→ **SOURCE DATA**
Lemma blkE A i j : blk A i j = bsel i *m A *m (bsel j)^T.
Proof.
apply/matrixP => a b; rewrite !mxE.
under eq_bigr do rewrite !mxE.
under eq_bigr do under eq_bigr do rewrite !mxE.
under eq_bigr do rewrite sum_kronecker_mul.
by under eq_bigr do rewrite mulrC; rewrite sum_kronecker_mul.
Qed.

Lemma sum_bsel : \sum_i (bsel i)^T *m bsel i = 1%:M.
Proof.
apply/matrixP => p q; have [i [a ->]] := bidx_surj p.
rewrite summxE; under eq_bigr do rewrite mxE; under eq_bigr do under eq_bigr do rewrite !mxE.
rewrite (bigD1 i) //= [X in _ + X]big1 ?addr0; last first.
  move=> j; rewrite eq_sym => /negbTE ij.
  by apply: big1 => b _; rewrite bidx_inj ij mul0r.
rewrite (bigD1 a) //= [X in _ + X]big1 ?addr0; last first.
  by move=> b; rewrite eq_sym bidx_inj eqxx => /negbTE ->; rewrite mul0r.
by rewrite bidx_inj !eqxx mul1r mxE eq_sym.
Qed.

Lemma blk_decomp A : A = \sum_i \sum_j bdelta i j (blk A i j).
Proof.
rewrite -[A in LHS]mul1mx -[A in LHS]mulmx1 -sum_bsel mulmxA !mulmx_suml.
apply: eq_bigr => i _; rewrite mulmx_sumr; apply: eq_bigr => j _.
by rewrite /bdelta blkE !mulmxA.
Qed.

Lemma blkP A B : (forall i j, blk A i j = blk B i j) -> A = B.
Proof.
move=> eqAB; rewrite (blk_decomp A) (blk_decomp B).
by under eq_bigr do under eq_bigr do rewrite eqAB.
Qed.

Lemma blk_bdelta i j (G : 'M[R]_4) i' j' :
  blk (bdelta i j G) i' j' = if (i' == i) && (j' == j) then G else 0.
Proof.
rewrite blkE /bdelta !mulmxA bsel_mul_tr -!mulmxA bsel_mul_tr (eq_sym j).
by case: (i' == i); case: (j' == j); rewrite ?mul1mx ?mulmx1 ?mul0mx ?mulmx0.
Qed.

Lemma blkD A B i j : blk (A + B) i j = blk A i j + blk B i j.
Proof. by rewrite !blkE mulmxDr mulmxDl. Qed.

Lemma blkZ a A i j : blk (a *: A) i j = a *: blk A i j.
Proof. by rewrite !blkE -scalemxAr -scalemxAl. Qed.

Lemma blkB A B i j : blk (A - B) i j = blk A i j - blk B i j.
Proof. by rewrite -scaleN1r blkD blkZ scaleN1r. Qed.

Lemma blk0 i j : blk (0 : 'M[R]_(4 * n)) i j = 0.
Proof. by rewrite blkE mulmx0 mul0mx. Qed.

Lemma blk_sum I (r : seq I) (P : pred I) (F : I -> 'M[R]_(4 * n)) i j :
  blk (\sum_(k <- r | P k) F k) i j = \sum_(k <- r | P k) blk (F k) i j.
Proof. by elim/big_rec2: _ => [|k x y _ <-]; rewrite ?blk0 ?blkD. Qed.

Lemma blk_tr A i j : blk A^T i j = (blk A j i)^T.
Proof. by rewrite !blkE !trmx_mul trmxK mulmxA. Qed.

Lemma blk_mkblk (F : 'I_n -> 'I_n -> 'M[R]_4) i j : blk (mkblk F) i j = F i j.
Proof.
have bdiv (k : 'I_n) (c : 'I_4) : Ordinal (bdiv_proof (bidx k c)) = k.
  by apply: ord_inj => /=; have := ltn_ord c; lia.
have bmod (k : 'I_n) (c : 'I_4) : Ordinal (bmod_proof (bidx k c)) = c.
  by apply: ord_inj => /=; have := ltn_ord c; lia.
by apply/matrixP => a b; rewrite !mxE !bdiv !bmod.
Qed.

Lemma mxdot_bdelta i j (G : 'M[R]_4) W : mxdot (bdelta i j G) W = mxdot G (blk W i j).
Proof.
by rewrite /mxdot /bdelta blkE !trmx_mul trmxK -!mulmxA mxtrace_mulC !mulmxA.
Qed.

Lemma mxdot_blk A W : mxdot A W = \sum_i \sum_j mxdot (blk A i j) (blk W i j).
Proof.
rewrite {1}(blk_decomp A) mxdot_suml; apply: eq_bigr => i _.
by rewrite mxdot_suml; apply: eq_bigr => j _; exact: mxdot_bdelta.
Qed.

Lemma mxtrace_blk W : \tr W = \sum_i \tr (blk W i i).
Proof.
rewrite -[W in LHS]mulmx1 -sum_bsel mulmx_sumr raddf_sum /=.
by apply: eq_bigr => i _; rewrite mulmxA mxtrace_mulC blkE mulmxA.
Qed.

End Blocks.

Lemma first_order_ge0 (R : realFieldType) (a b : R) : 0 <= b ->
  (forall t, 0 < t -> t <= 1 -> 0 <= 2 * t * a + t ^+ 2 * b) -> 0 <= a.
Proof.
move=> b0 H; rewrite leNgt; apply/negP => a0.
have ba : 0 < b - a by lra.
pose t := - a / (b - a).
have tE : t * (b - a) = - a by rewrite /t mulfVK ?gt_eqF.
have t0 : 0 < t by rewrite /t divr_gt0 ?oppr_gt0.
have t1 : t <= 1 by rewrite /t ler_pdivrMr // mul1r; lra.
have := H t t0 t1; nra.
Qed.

→ **TASK BRIEF**
No line may be skipped. Transcribe the listing above exactly.

→ **ANSWER SPACE**
Lemma blkE A i j : blk A i j = bsel i *m A *m (bsel j)^T.
Proof.
apply/matrixP => a b; rewrite !mxE.
under eq_bigr do rewrite !mxE.
under eq_bigr do under eq_bigr do rewrite !mxE.
under eq_bigr do rewrite sum_kronecker_mul.
by under eq_bigr do rewrite mulrC; rewrite sum_kronecker_mul.
Qed.

Lemma sum_bsel : \sum_i (bsel i)^T *m bsel i = 1%:M.
Proof.
apply/matrixP => p q; have [i [a ->]] := bidx_surj p.
rewrite summxE; under eq_bigr do rewrite mxE; under eq_bigr do under eq_bigr do rewrite !mxE.
rewrite (bigD1 i) //= [X in _ + X]big1 ?addr0; last first.
  move=> j; rewrite eq_sym => /negbTE ij.
  by apply: big1 => b _; rewrite bidx_inj ij mul0r.
rewrite (bigD1 a) //= [X in _ + X]big1 ?addr0; last first.
  by move=> b; rewrite eq_sym bidx_inj eqxx => /negbTE ->; rewrite mul0r.
by rewrite bidx_inj !eqxx mul1r mxE eq_sym.
Qed.

Lemma blk_decomp A : A = \sum_i \sum_j bdelta i j (blk A i j).
Proof.
rewrite -[A in LHS]mul1mx -[A in LHS]mulmx1 -sum_bsel mulmxA !mulmx_suml.
apply: eq_bigr => i _; rewrite mulmx_sumr; apply: eq_bigr => j _.
by rewrite /bdelta blkE !mulmxA.
Qed.

Lemma blkP A B : (forall i j, blk A i j = blk B i j) -> A = B.
Proof.
move=> eqAB; rewrite (blk_decomp A) (blk_decomp B).
by under eq_bigr do under eq_bigr do rewrite eqAB.
Qed.

Lemma blk_bdelta i j (G : 'M[R]_4) i' j' :
  blk (bdelta i j G) i' j' = if (i' == i) && (j' == j) then G else 0.
Proof.
rewrite blkE /bdelta !mulmxA bsel_mul_tr -!mulmxA bsel_mul_tr (eq_sym j).
by case: (i' == i); case: (j' == j); rewrite ?mul1mx ?mulmx1 ?mul0mx ?mulmx0.
Qed.

Lemma blkD A B i j : blk (A + B) i j = blk A i j + blk B i j.
Proof. by rewrite !blkE mulmxDr mulmxDl. Qed.

Lemma blkZ a A i j : blk (a *: A) i j = a *: blk A i j.
Proof. by rewrite !blkE -scalemxAr -scalemxAl. Qed.

Lemma blkB A B i j : blk (A - B) i j = blk A i j - blk B i j.
Proof. by rewrite -scaleN1r blkD blkZ scaleN1r. Qed.

Lemma blk0 i j : blk (0 : 'M[R]_(4 * n)) i j = 0.
Proof. by rewrite blkE mulmx0 mul0mx. Qed.

Lemma blk_sum I (r : seq I) (P : pred I) (F : I -> 'M[R]_(4 * n)) i j :
  blk (\sum_(k <- r | P k) F k) i j = \sum_(k <- r | P k) blk (F k) i j.
Proof. by elim/big_rec2: _ => [|k x y _ <-]; rewrite ?blk0 ?blkD. Qed.

Lemma blk_tr A i j : blk A^T i j = (blk A j i)^T.
Proof. by rewrite !blkE !trmx_mul trmxK mulmxA. Qed.

Lemma blk_mkblk (F : 'I_n -> 'I_n -> 'M[R]_4) i j : blk (mkblk F) i j = F i j.
Proof.
have bdiv (k : 'I_n) (c : 'I_4) : Ordinal (bdiv_proof (bidx k c)) = k.
  by apply: ord_inj => /=; have := ltn_ord c; lia.
have bmod (k : 'I_n) (c : 'I_4) : Ordinal (bmod_proof (bidx k c)) = c.
  by apply: ord_inj => /=; have := ltn_ord c; lia.
by apply/matrixP => a b; rewrite !mxE !bdiv !bmod.
Qed.

Lemma mxdot_bdelta i j (G : 'M[R]_4) W : mxdot (bdelta i j G) W = mxdot G (blk W i j).
Proof.
by rewrite /mxdot /bdelta blkE !trmx_mul trmxK -!mulmxA mxtrace_mulC !mulmxA.
Qed.

Lemma mxdot_blk A W : mxdot A W = \sum_i \sum_j mxdot (blk A i j) (blk W i j).
Proof.
rewrite {1}(blk_decomp A) mxdot_suml; apply: eq_bigr => i _.
by rewrite mxdot_suml; apply: eq_bigr => j _; exact: mxdot_bdelta.
Qed.

Lemma mxtrace_blk W : \tr W = \sum_i \tr (blk W i i).
Proof.
rewrite -[W in LHS]mulmx1 -sum_bsel mulmx_sumr raddf_sum /=.
by apply: eq_bigr => i _; rewrite mulmxA mxtrace_mulC blkE mulmxA.
Qed.

End Blocks.

Lemma first_order_ge0 (R : realFieldType) (a b : R) : 0 <= b ->
  (forall t, 0 < t -> t <= 1 -> 0 <= 2 * t * a + t ^+ 2 * b) -> 0 <= a.
Proof.
move=> b0 H; rewrite leNgt; apply/negP => a0.
have ba : 0 < b - a by lra.
pose t := - a / (b - a).
have tE : t * (b - a) = - a by rewrite /t mulfVK ?gt_eqF.
have t0 : 0 < t by rewrite /t divr_gt0 ?oppr_gt0.
have t1 : t <= 1 by rewrite /t ler_pdivrMr // mul1r; lra.
have := H t t0 t1; nra.
Qed.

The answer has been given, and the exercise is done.